*** MATERIAL SUPPLIED
Lemma sum_gain_above_affine (I : finType) g (F : I -> {set indiv G M}) c :
  \sum_u gain_above g (F u) c =
  \sum_u gain_above g (F u) 0 + (\sum_u (gain_above g (F u) 1 - gain_above g (F u) 0)) * c.
Proof.
rewrite big_distrl -big_split /=; apply: eq_bigr => u _; exact: gain_above_affine.
Qed.

Lemma gain_above_homophily g g' X c :
  (0 < M)%N -> g <= g' -> c <= vL -> gain_above g' X c <= gain_above g X c.
Proof.
move=> M_gt0 le_gg' c_le_vL; rewrite -subr_ge0.
have -> : gain_above g X c - gain_above g' X c =
          ((1 - sp) * (vL - c)) * ((g' - g) * s) * (M%:R - 1).
  by rewrite /gain_above /sim_total; ring.
by rewrite !mulr_ge0 ?subr_ge0 ?ler1n ?(ltW sp_lt1) ?(ltW s_gt0).
Qed.

Section Gain.
Variable g : R.
Hypothesis g_gt0 : 0 < g.

Lemma subset_le_gain i X Y : Hi H i <= vL -> X \subset Y -> gain g i X <= gain g i Y.
Proof.
move=> i_le_vL subXY; apply: ler_sum => j _.
have sim_ij := sim_gt0 i j g_gt0; have vH_ge := Hi_le_vH i j.
have [jX|jX] := boolP (j \in X); first by rewrite (subsetP subXY _ jX).
case: (j \in Y) => //.
have loss_ge0 : 0 <= sim s g i j * (vL - Hi H i).
  by rewrite mulr_ge0 ?subr_ge0 ?(ltW sim_ij).
have win_ge0 : 0 <= sim s g i j * (vH j - Hi H i).
  by rewrite mulr_ge0 ?subr_ge0 ?(ltW sim_ij).
have := sp_lt1; nra.
Qed.

Lemma nonadopter_term_ge0_top i j :
  val i.1 = 0%N -> 0 <= (sp - 1) * (sim s g i j * (vL - Hi H i)).
Proof.
move=> i_top; have sim_ij := sim_gt0 i j g_gt0; have vL_lt := vL_lt_H0 i_top.
have loss_le0 : 0 <= sim s g i j * (Hi H i - vL).
  by rewrite mulr_ge0 ?subr_ge0 ?(ltW sim_ij) ?(ltW vL_lt).
have := sp_lt1; nra.
Qed.
Lemma arc_move_tperm (u : 'S_x) (p q : 'I_x) : p < q -> u q < u p ->
  arc_move (diagram u) (diagram (tperm p q * u)).
Proof.
move=> pq uqp.
have S_pq : src_gt (nth None S p) (nth None S q) by rewrite nth_S_gt.
have L_qp : nth 0 L (u q) < nth 0 L (u p) by rewrite nth_L_lt.
have Sq_above : src_gt (nth None S q) (Some (nth 0 L (u p))).
  by apply: S_above_L; rewrite mem_nth ?size_S ?size_L.
case Sp: (nth None S p) S_pq => [a|]; case Sq: (nth None S q) Sq_above => [b|] //= ba bc.
- have [r [Du Dv]] := diagram_split u (negbT (ltn_eqF pq)).
  rewrite /edge Sp Sq in Du Dv.
  by left; exists a, b, (nth 0 L (u p)), (nth 0 L (u q)), r; split=> //; left.
- have [r [Du Dv]] := diagram_split u (negbT (gtn_eqF pq)).
  rewrite /edge Sp Sq tpermC in Du Dv.
  by right; exists b, (nth 0 L (u p)), (nth 0 L (u q)), r; split=> //; left.
Qed.

Lemma bruhat_step_swap_targets (u : 'S_x) (p q : 'I_x) r : p < q -> u q < u p ->
  perm_eq (diagram u) [:: edge p (u p), edge q (u q) & r] ->
  exists2 s, bruhat_step s u & perm_eq [:: edge p (u q), edge q (u p) & r] (diagram s).
Proof.
move=> pq uqp Du; exists (tperm p q * u)%g.
  by apply/bruhat_stepP; exists p, q; rewrite !permM tpermL tpermR tpermKg.
by rewrite perm_sym; apply: diagram_swap_targets Du; rewrite neq_ltn pq.
Qed.

Lemma diagram_move (u : 'S_x) D : arc_move (diagram u) D ->
  weight D < weight (diagram u) \/ exists2 s, bruhat_step s u & perm_eq D (diagram s).
Proof.
have edge_of e : e \in diagram u -> exists k, e = edge k (u k).
  by case/mapP => k _ ->; exists k.
case=> [[a [b [c [d [r [dc cb ba Du [DA|DC]]]]]]] | [a [b [c [r [cb ba Du [DB|DD]]]]]]].
- have /edge_of [p [Sp Lp]] : (Some a, c) \in diagram u by rewrite (perm_mem Du) mem_head.
  have /edge_of [q [Sq Lq]] : (Some b, d) \in diagram u by rewrite (perm_mem Du) !inE eqxx orbT.
  have pq : p < q by rewrite -nth_S_gt -Sp -Sq.
  have uqp : u q < u p by rewrite -nth_L_lt -Lp -Lq.
  have [|s st Ds] := bruhat_step_swap_targets pq uqp (r := r).
    by rewrite /edge -Sp -Lp -Sq -Lq.
  by right; exists s; rewrite // (permPl DA); move: Ds; rewrite /edge -Sp -Lp -Sq -Lq.
- by left; rewrite (weight_perm DC) (weight_perm Du) /weight /=; lia.
- have /edge_of [p [Sp Lp]] : (None, b) \in diagram u by rewrite (perm_mem Du) !inE eqxx orbT.
  have /edge_of [q [Sq Lq]] : (Some a, c) \in diagram u by rewrite (perm_mem Du) mem_head.
  have pq : p < q by rewrite -nth_S_gt -Sp -Sq.
  have uqp : u q < u p by rewrite -nth_L_lt -Lp -Lq.
  have [|s st Ds] := bruhat_step_swap_targets pq uqp (r := r).
    by rewrite /edge -Sp -Lp -Sq -Lq (permPl Du) perm_swap_heads.
  right; exists s; rewrite // (permPl DB) -(permPl (perm_swap_heads _ _ _)).
  by move: Ds; rewrite /edge -Sp -Lp -Sq -Lq.
- by left; rewrite (weight_perm DD) (weight_perm Du) /weight /=; lia.
Qed.
(* Let $(V,\rho)$ be a finite rank torsion free $\mathfrak{sl}(2)$-module. If $(V,\rho)$ is a simple $\mathfrak{sl}(2)$-module, then its rationalization $F_{\mathrm{rat}}(V,\rho)$ is an $\mathcal R$-irreducible rational module. Conversely, if $F_{\mathrm{rat}}(V,\rho)$ is an $\mathcal R$-irreducible rational module, then either $(V,\rho)$ is a simple $\mathfrak{sl}(2)$-module or it has a unique simple $\mathfrak{sl}(2)$-submodule $(V',\rho')\subseteq(V,\rho)$ which is an essential submodule.
   Context: $\mathfrak{sl}(2)$ has basis $L_{-1}=f$, $L_0=-\tfrac12 h$, $L_1=-e$ for a Chevalley basis $e,f,h$. An $\mathfrak{sl}(2)$-module $(V,\rho)$ is a $\mathbb{C}[z]$-module via $z\cdot v=\rho(L_0)v$; it is finite rank torsion free if torsion free as a $\mathbb{C}[z]$-module and $S^{-1}V$ is finite-dimensional over $\mathbb{C}(z)$, $S=\mathbb{C}[z]\setminus\{0\}$. A submodule $V'\subseteq V$ is essential if $V/V'$ is a torsion $\mathbb{C}[z]$-module. The rationalization is $F_{\mathrm{rat}}(V,\rho)=(S^{-1}V,\rho_{\mathrm{rat}})$ with $\rho_{\mathrm{rat}}(L_{\pm1})(v/p(z))=\rho(L_{\pm1})(v)/p(z\pm1)$, $\rho_{\mathrm{rat}}(L_0)(v/p(z))=zv/p(z)$. A rational module (an $\mathfrak{sl}(2)$-module that is a finite-dimensional $\mathbb{C}(z)$-vector space with $z$ acting by $L_0$) is $\mathcal R$-irreducible if it is nonzero and has no nonzero proper $\mathfrak{sl}(2)$-submodule that is a $\mathbb{C}(z)$-subspace. *)

From HB Require Import structures.
From mathcomp Require Import all_boot all_order all_algebra.
From mathcomp Require Import complex.
From mathcomp Require Import reals.

Set Implicit Arguments.
Unset Strict Implicit.
Unset Printing Implicit Defensive.

Import Order.TTheory GRing.Theory Num.Theory.
Local Open Scope ring_scope.

Record sl2_module (C : fieldType) (V : lmodType C) := Sl2Module {
  rho_e : {linear V -> V};
  rho_f : {linear V -> V};
  rho_h : {linear V -> V};
  rel_he : forall v, rho_h (rho_e v) - rho_e (rho_h v) = 2%:R *: rho_e v;
  rel_hf : forall v, rho_h (rho_f v) - rho_f (rho_h v) = - (2%:R *: rho_f v);
  rel_ef : forall v, rho_e (rho_f v) - rho_f (rho_e v) = rho_h v
}.

Section Defs.
Variables (C : fieldType) (V : lmodType C) (rho : sl2_module V).

Definition Lm1 (v : V) : V := rho_f rho v.
Definition L0 (v : V) : V := - ((2%:R)^-1 *: rho_h rho v).
Definition L1 (v : V) : V := - rho_e rho v.

(* C[z]-module structure: p(z) . v = p(L_0) v *)
Definition pact (p : {poly C}) (v : V) : V :=
  \sum_(i < size p) p`_i *: iter i L0 v.

Definition is_submodule (U : V -> Prop) : Prop :=
  [/\ U 0,
      (forall u w, U u -> U w -> U (u + w)),
      (forall (a : C) u, U u -> U (a *: u)) &
      [/\ (forall u, U u -> U (rho_e rho u)),
          (forall u, U u -> U (rho_f rho u)) &
          (forall u, U u -> U (rho_h rho u))]].

Definition simple_submodule (U : V -> Prop) : Prop :=
  [/\ is_submodule U,
      (exists u, U u /\ u <> 0) &
      (forall U', is_submodule U' -> (forall u, U' u -> U u) ->
         (forall u, U' u -> u = 0) \/ (forall u, U u -> U' u))].

Definition simple_module : Prop := simple_submodule (fun _ => True).

Definition torsion_free : Prop :=
  forall (p : {poly C}) (v : V), p != 0 -> pact p v = 0 -> v = 0.

(* U is essential: V / U is a torsion C[z]-module *)
Definition essential (U : V -> Prop) : Prop :=
  forall v, exists2 p : {poly C}, p != 0 & U (pact p v).

(* ---- The localization S^{-1}V, S = C[z] \ {0}, represented by fractions
   v / p (pairs (v,p), p <> 0) modulo the usual equivalence. ---- *)
Definition frac_eq (x y : V * {poly C}) : Prop :=
  exists2 s : {poly C}, s != 0 & pact s (pact y.2 x.1 - pact x.2 y.1) = 0.

Definition is_frac (x : V * {poly C}) : bool := x.2 != 0.

Definition frac_add (x y : V * {poly C}) : V * {poly C} :=
  (pact y.2 x.1 + pact x.2 y.1, x.2 * y.2).

Definition frac_scale (a b : {poly C}) (x : V * {poly C}) : V * {poly C} :=
  (pact a x.1, b * x.2).

Fixpoint frac_comb (l : seq ({poly C} * {poly C} * (V * {poly C}))) :
    V * {poly C} :=
  match l with
  | [::] => (0, 1)
  | c :: l' => frac_add (frac_scale c.1.1 c.1.2 c.2) (frac_comb l')
  end.

(* V has finite rank: S^{-1}V is finite dimensional over C(z) *)
Definition finite_rank : Prop :=
  exists basis : seq (V * {poly C}),
    all is_frac basis /\
    forall x, is_frac x ->
      exists coefs : seq ({poly C} * {poly C}),
        [/\ size coefs = size basis, all (fun c => c.2 != 0) coefs &
            frac_eq x (frac_comb (zip coefs basis))].

Definition finite_rank_torsion_free : Prop := torsion_free /\ finite_rank.

Definition rat_Lp1 (x : V * {poly C}) : V * {poly C} :=
  (L1 x.1, x.2 \Po ('X + 1)).
Definition rat_Lm1 (x : V * {poly C}) : V * {poly C} :=
  (Lm1 x.1, x.2 \Po ('X - 1)).
Definition rat_L0 (x : V * {poly C}) : V * {poly C} := (L0 x.1, x.2).

(* W (a set of fractions, closed under the equivalence) is a C(z)-subspace
   of S^{-1}V stable under rho_rat *)
Definition rat_submodule (W : V * {poly C} -> Prop) : Prop :=
  [/\ (forall x y, is_frac x -> is_frac y -> frac_eq x y -> W x -> W y),
      (forall x, W x -> is_frac x) /\ W (0, 1),
      (forall x y, W x -> W y -> W (frac_add x y)),
      (forall a b x, b != 0 -> W x -> W (frac_scale a b x)) &
      [/\ (forall x, W x -> W (rat_Lp1 x)),
          (forall x, W x -> W (rat_Lm1 x)) &
          (forall x, W x -> W (rat_L0 x))]].

Definition R_irreducible_rat : Prop :=
  (exists x, is_frac x /\ ~ frac_eq x (0, 1)) /\
  forall W, rat_submodule W ->
    (forall x, W x -> frac_eq x (0, 1)) \/ (forall x, is_frac x -> W x).

End Defs.

From Pilot Require Import Defs.
From HB Require Import structures.
From mathcomp Require Import all_boot all_order all_algebra.
From mathcomp Require Import complex reals ring.
From Stdlib Require Import Classical ClassicalEpsilon.
Set Implicit Arguments. Unset Strict Implicit. Unset Printing Implicit Defensive.
Import Order.TTheory GRing.Theory Num.Theory.
Local Open Scope ring_scope.

(* A simple module has no nonzero proper submodule, so the numerators of a
   rational submodule, which form a submodule, are 0 or everything.

   Conversely, R-irreducibility makes every nonzero submodule W essential: its
   localization is a nonzero rational submodule.  Finite rank yields vectors
   u_1, ..., u_n generating V up to torsion, so any n + 1 vectors satisfy a
   nontrivial C[z]-linear relation; applied to iterates, this shows that L_1 and
   L_-1 are injective and surjective up to a nonzero polynomial factor, while
   they intertwine p(z) with p(z + 1) and p(z - 1).  Hence the generator g of
   the conductor {g | g u_j in W for all j} of an essential W divides both
   g(z + 1) H and g(z - 1) H', for polynomials H, H' independent of W.  A root
   of g then propagates along integer translates until it meets roots of H and
   of H', which bounds g by a fixed G != 0.  So G d v lies in every nonzero
   submodule for suitable d, v: the intersection of all nonzero submodules is
   nonzero, hence it is the unique simple submodule, and it is essential. *)

Lemma leq_sum_support (f : nat -> nat) T k : (forall j, (T < j)%N -> f j = 0%N) ->
  (\sum_(j < k) f j <= \sum_(j < T.+1) f j)%N.
Proof.
move=> f0; rewrite -!(big_mkord xpredT); case: (leqP k T.+1) => hk.
  by rewrite (big_cat_nat (leq0n k) hk) /= leq_addr.
rewrite (big_cat_nat (leq0n T.+1) (ltnW hk)) /= [X in (_ + X <= _)%N]big_nat_cond.
by rewrite [X in (_ + X <= _)%N]big1 ?addn0 // => j /andP[/andP[/f0 -> _] _].
Qed.

Section Shift.
Variable F : fieldType.
Implicit Types (p q g h : {poly F}) (s t c : F).

Definition shift t p := p \Po ('X + t%:P).

Lemma shift1E p : p \Po ('X + 1) = shift 1 p.
Proof. by rewrite /shift polyC1. Qed.

Lemma shiftN1E p : p \Po ('X - 1) = shift (-1) p.
Proof. by rewrite /shift polyCN polyC1. Qed.

Lemma shiftK t : cancel (shift t) (shift (- t)).
Proof. by move=> p; rewrite /shift polyCN comp_polyXaddC_K. Qed.

Lemma shiftNK t : cancel (shift (- t)) (shift t).
Proof. by move=> p; have := shiftK (- t) p; rewrite opprK. Qed.

Lemma shift_eq0 t p : (shift t p == 0) = (p == 0).
Proof. by rewrite /shift comp_poly2_eq0 // size_XaddC. Qed.

Lemma shift_XsubCX t c n :
  shift t (('X - c%:P) ^+ n) = ('X - (c - t)%:P) ^+ n.
Proof.
by rewrite /shift rmorphXn /= comp_polyB comp_polyX comp_polyC polyCB opprB addrA.
Qed.

Lemma dvdp_shift_XsubCX t c n p :
  ('X - c%:P) ^+ n %| p -> ('X - (c - t)%:P) ^+ n %| shift t p.
Proof. by rewrite -shift_XsubCX; apply: dvdp_comp_poly. Qed.

Lemma mup_shift s t p : p != 0 -> mup s (shift t p) = mup (s + t) p.
Proof.
move=> p0; have tp0 : shift t p != 0 by rewrite shift_eq0.
apply/eqP; rewrite eqn_leq !mup_geq //.
have /(dvdp_shift_XsubCX (- t)) : ('X - s%:P) ^+ mup s (shift t p) %| shift t p.
  by rewrite -mup_geq.
rewrite shiftK opprK => -> /=.
have /(dvdp_shift_XsubCX t) : ('X - (s + t)%:P) ^+ mup (s + t) p %| p.
  by rewrite -mup_geq.
by rewrite addrK.
Qed.

Lemma leq_mup_dvdp s p q : p %| q -> q != 0 -> (mup s p <= mup s q)%N.
Proof.
move=> pq q0; have p0 : p != 0 by apply: contraNneq q0 => p0; move: pq; rewrite p0 dvd0p.
by rewrite mup_geq //; apply: dvdp_trans pq; rewrite -mup_geq.
Qed.

Lemma mup_prod_shift s h n : h != 0 ->
  mup s (\prod_(j < n) shift j%:R h) = (\sum_(j < n) mup (s + j%:R) h)%N.
Proof.
move=> h0; elim: n => [|n IH]; first by rewrite !big_ord0 mupNroot // root1.
rewrite !big_ord_recr /= mupM ?shift_eq0 // ?mup_shift ?IH //.
by apply/prodf_neq0 => i _; rewrite shift_eq0.
Qed.

Lemma mup_shift_chain t g h : g != 0 -> h != 0 -> g %| shift t g * h ->
  forall k s, (mup s g <= \sum_(j < k) mup (s + j%:R * t) h + mup (s + k%:R * t) g)%N.
Proof.
move=> g0 h0 gd; elim=> [|k IH] s; first by rewrite big_ord0 mul0r addr0.
apply: (leq_trans (IH s)); rewrite big_ord_recr /= -addnA leq_add2l addnC.
have -> : s + k.+1%:R * t = s + k%:R * t + t by rewrite -natr1 mulrDl mul1r addrA.
have := leq_mup_dvdp (s + k%:R * t) gd; rewrite mulf_neq0 ?shift_eq0 //.
by rewrite mupM ?shift_eq0 // mup_shift //; apply.
Qed.

End Shift.

Section ShiftStableDivisors.
Variable C : numClosedFieldType.
Implicit Types (p q g h : {poly C}) (s t : C).

Lemma dvdp_mup g G : g != 0 -> G != 0 ->
  (forall s, mup s g <= mup s G)%N -> g %| G.
Proof.
move=> g0 G0 le_gG; have [rs def_g] := closed_field_poly_normal g.
have lc0 : lead_coef g != 0 by rewrite lead_coef_eq0.
have le_rsG s : (count_mem s rs <= mup s G)%N.
  rewrite -mu_prod_XsubC; apply: leq_trans (le_gG s).
  by apply: leq_mup_dvdp => //; rewrite [X in _ %| X]def_g dvdpZr.
rewrite def_g dvdpZl //; elim: rs G G0 {def_g le_gG} le_rsG => [|r rs IH] G G0 le_rsG.
  by rewrite big_nil dvd1p.
have /dvdpP[G' def_G] : 'X - r%:P %| G.
  by rewrite XsubC_dvd //; apply: leq_trans (le_rsG r); rewrite /= eqxx.
have G'0 : G' != 0 by apply: contraNneq G0; rewrite def_G => ->; rewrite mul0r.
rewrite big_cons def_G (mulrC G') dvdp_mul2l ?polyXsubC_eq0 //.
apply: IH => // s; have := le_rsG s; rewrite def_G mupM ?polyXsubC_eq0 //.
rewrite -(expr1 ('X - r%:P)) mup_XsubCX /= addnC.
by case: (r == s); rewrite ?leq_add2r // ?add0n.
Qed.

Lemma exists_nonroot_progression s t g : g != 0 -> t != 0 ->
  exists k : nat, ~~ root g (s + k%:R * t).
Proof.
move=> g0 t0; pose rs := [seq s + k%:R * t | k <- iota 0 (size g)].
have /allPn[_ /mapP[k _ ->] nr] : ~~ all (root g) rs; last by exists k.
apply/negP => all_roots.
have rs_uniq : uniq rs.
  rewrite map_inj_uniq ?iota_uniq // => a b /addrI /(mulIf t0) /eqP.
  by rewrite eqr_nat => /eqP.
by have := max_poly_roots g0 all_roots rs_uniq; rewrite size_map size_iota ltnn.
Qed.

Lemma mup_le_shifted_sum s t g h : t != 0 -> g != 0 -> h != 0 ->
  g %| shift t g * h -> exists k, (mup s g <= \sum_(j < k) mup (s + j%:R * t) h)%N.
Proof.
move=> t0 g0 h0 gd; have [k nr] := exists_nonroot_progression s g0 t0.
by exists k; have := mup_shift_chain g0 h0 gd k s; rewrite (mupNroot nr) addn0.
Qed.

Lemma bounded_nat_elements (xs : seq C) :
  exists T, forall x (n : nat), x \in xs -> x = n%:R -> (n <= T)%N.
Proof.
elim: xs => [|x xs [T hT]]; first by exists 0%N.
have [[m ->]|nx] := classic (exists m : nat, x = m%:R).
  exists (maxn m T) => y n /predU1P[-> /eqP|yxs e]; last first.
    by rewrite leq_max (hT y n yxs e) orbT.
  by rewrite eqr_nat => /eqP <-; rewrite leq_maxl.
exists T => y n /predU1P[-> e|yxs]; [by case: nx; exists n | exact: hT].
Qed.

Lemma root_differences_bounded h h' : h != 0 -> h' != 0 ->
  exists T, forall r r' (n : nat), root h r -> root h' r' -> r - r' = n%:R -> (n <= T)%N.
Proof.
move=> h0 h'0.
have roots_in p : p != 0 -> {rs : seq C | forall r, root p r -> r \in rs}.
  move=> p0; have [rs def_p] := closed_field_poly_normal p; exists rs => r.
  by rewrite {1}def_p rootZ ?lead_coef_eq0 // root_prod_XsubC.
have [[rs hrs] [rs' hrs']] := (roots_in h h0, roots_in h' h'0).
have [T hT] := bounded_nat_elements [seq r - r' | r <- rs, r' <- rs'].
exists T => r r' n /hrs r_rs /hrs' r'_rs'; apply: hT.
exact: (allpairs_f (fun r r' => r - r')).
Qed.
Lemma is_derive_sin_mx u v t :
  is_derive (sin_mx u v) t (sumR n (fun w => M u w * cos_mx w v t)).
Proof.
  assert (Hd : forall k, PS_derive (exp_coef im_ipow u v) k =
                         sumR n (fun w => M u w * exp_coef re_ipow w v k)).
  { intros k. rewrite PS_derive_exp_coef, (proj2 (ipow_succ k)), <- sumR_scal.
    unfold exp_coef. apply sumR_ext. intros. field. apply INR_fact_neq_0. }
  unfold cos_mx, sin_mx, mx_series.
  rewrite <- PSeries_sumR, <- (PSeries_ext _ _ t Hd) by (intros; apply ex_mx_series, re_ipow_bound).
  apply is_derive_PSeries, exp_coef_radius, im_ipow_bound.
Qed.

Section Symmetric.
Hypothesis HS : forall u v, (u < n)%nat -> (v < n)%nat -> M u v = M v u.

(* Both sides equal sum_{w,y} sin_xw M_wy cos_xy, because M commutes with cos(tM) and sin(tM)
   and M is symmetric. *)
Lemma cos_mx_dot_M_sin_mx x t : (x < n)%nat ->
  sumR n (fun y => cos_mx x y t * sumR n (fun w => M x w * sin_mx w y t)) =
  sumR n (fun y => sin_mx x y t * sumR n (fun w => M x w * cos_mx w y t)).
Proof.
  intros Hx.
  transitivity (sumR n (fun y => sumR n (fun w => sin_mx x w t * (cos_mx x y t * M w y)))).
  - apply sumR_ext. intros y Hy. unfold sin_mx.
    rewrite mx_series_mul_comm, <- sumR_scal by (auto; apply im_ipow_bound).
    apply sumR_ext; intros; ring.
  - rewrite sumR_swap. apply sumR_ext. intros w Hw. rewrite sumR_scal. f_equal.
    unfold cos_mx. rewrite mx_series_mul_comm by (auto; apply re_ipow_bound).
    apply sumR_ext. intros y Hy. rewrite HS by auto. ring.
Qed.
Lemma row_spec M m K ob nb p c k :
  M rOne = 1 -> M rStride = 2 * m -> M rOld = ob -> M rNew = nb -> M rSize = p ->
  M rKCur = k -> M rRow = k * (2 * m) -> M rKCnt = K.+1 - k ->
  table_bases ob nb -> p < m -> k <= K ->
  table M m K ob p c -> table_upto M m K nb p.+1 c.+1 k 0 ->
  wp row (fun n M' => n <= m * (12 * m + 25) + 6 /\
     M' rKCur = k.+1 /\ M' rRow = k.+1 * (2 * m) /\ M' rKCnt = K.+1 - k.+1 /\
     (forall x, x < 13 \/ 22 < x < 98 -> M' x = M x) /\
     table M' m K ob p c /\ table_upto M' m K nb p.+1 c.+1 k.+1 0) M.
Proof.
move=> hOne hStride hOld hNew hSize hKCur hRow hKCnt hobnb hp hk tb pt.
rewrite /row; do 2 wp_step.
apply: wp_seq; apply: wp_conseq.
  apply: (@row_loop_spec _ m K ob nb p c k); try by simpl_mem; lia.
  + by move=> k' v' Hk Hv; simpl_mem; apply: tb.
  + by move=> k' v' Hk Hv Hc; simpl_mem; apply: pt.
move=> n M2 [Hn [ffr [ftb fpt]]].
have eOne : M2 rOne = 1 by rewrite ffr; [simpl_mem | lia].
have eStride : M2 rStride = 2 * m by rewrite ffr; [simpl_mem | lia].
have eKCur : M2 rKCur = k by rewrite ffr; [simpl_mem | lia].
have eRow : M2 rRow = k * (2 * m) by rewrite ffr; [simpl_mem | lia].
have eKCnt : M2 rKCnt = K.+1 - k by rewrite ffr; [simpl_mem | lia].
do 3 wp_step.
split; first by lia.
split; first by lia.
split; first by rewrite mulSn; lia.
split; first by lia.
split; first by move=> x Hx; simpl_mem; rewrite ffr; [simpl_mem | lia].
by split => k' v' *; simpl_mem; [apply: ftb | apply: fpt].
Qed.

Definition level : stmt :=
  IAdd rKCnt rK rOne ;; IConst rKCur 0 ;; IConst rRow 0 ;; SWhile rKCnt row ;;
  IAdd rTmp rOld rZero ;; IAdd rOld rNew rZero ;; IAdd rNew rTmp rZero ;;
  IAdd rSize rSize rOne.

Definition level_cost m K := K.+1 * (m * (12 * m + 25) + 8) + 8.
******
WHAT THE TASK ASKS: Of all the entries above, retype exactly the lines from the line with "move=> g0 t0;" to the line with "Lemma bounded_nat_elements (xs", both included, and no others.

RESPONSE TO THIS TASK:
move=> g0 t0; pose rs := [seq s + k%:R * t | k <- iota 0 (size g)].
have /allPn[_ /mapP[k _ ->] nr] : ~~ all (root g) rs; last by exists k.
apply/negP => all_roots.
have rs_uniq : uniq rs.
  rewrite map_inj_uniq ?iota_uniq // => a b /addrI /(mulIf t0) /eqP.
  by rewrite eqr_nat => /eqP.
by have := max_poly_roots g0 all_roots rs_uniq; rewrite size_map size_iota ltnn.
Qed.

Lemma mup_le_shifted_sum s t g h : t != 0 -> g != 0 -> h != 0 ->
  g %| shift t g * h -> exists k, (mup s g <= \sum_(j < k) mup (s + j%:R * t) h)%N.
Proof.
move=> t0 g0 h0 gd; have [k nr] := exists_nonroot_progression s g0 t0.
by exists k; have := mup_shift_chain g0 h0 gd k s; rewrite (mupNroot nr) addn0.
Qed.

Lemma bounded_nat_elements (xs : seq C) :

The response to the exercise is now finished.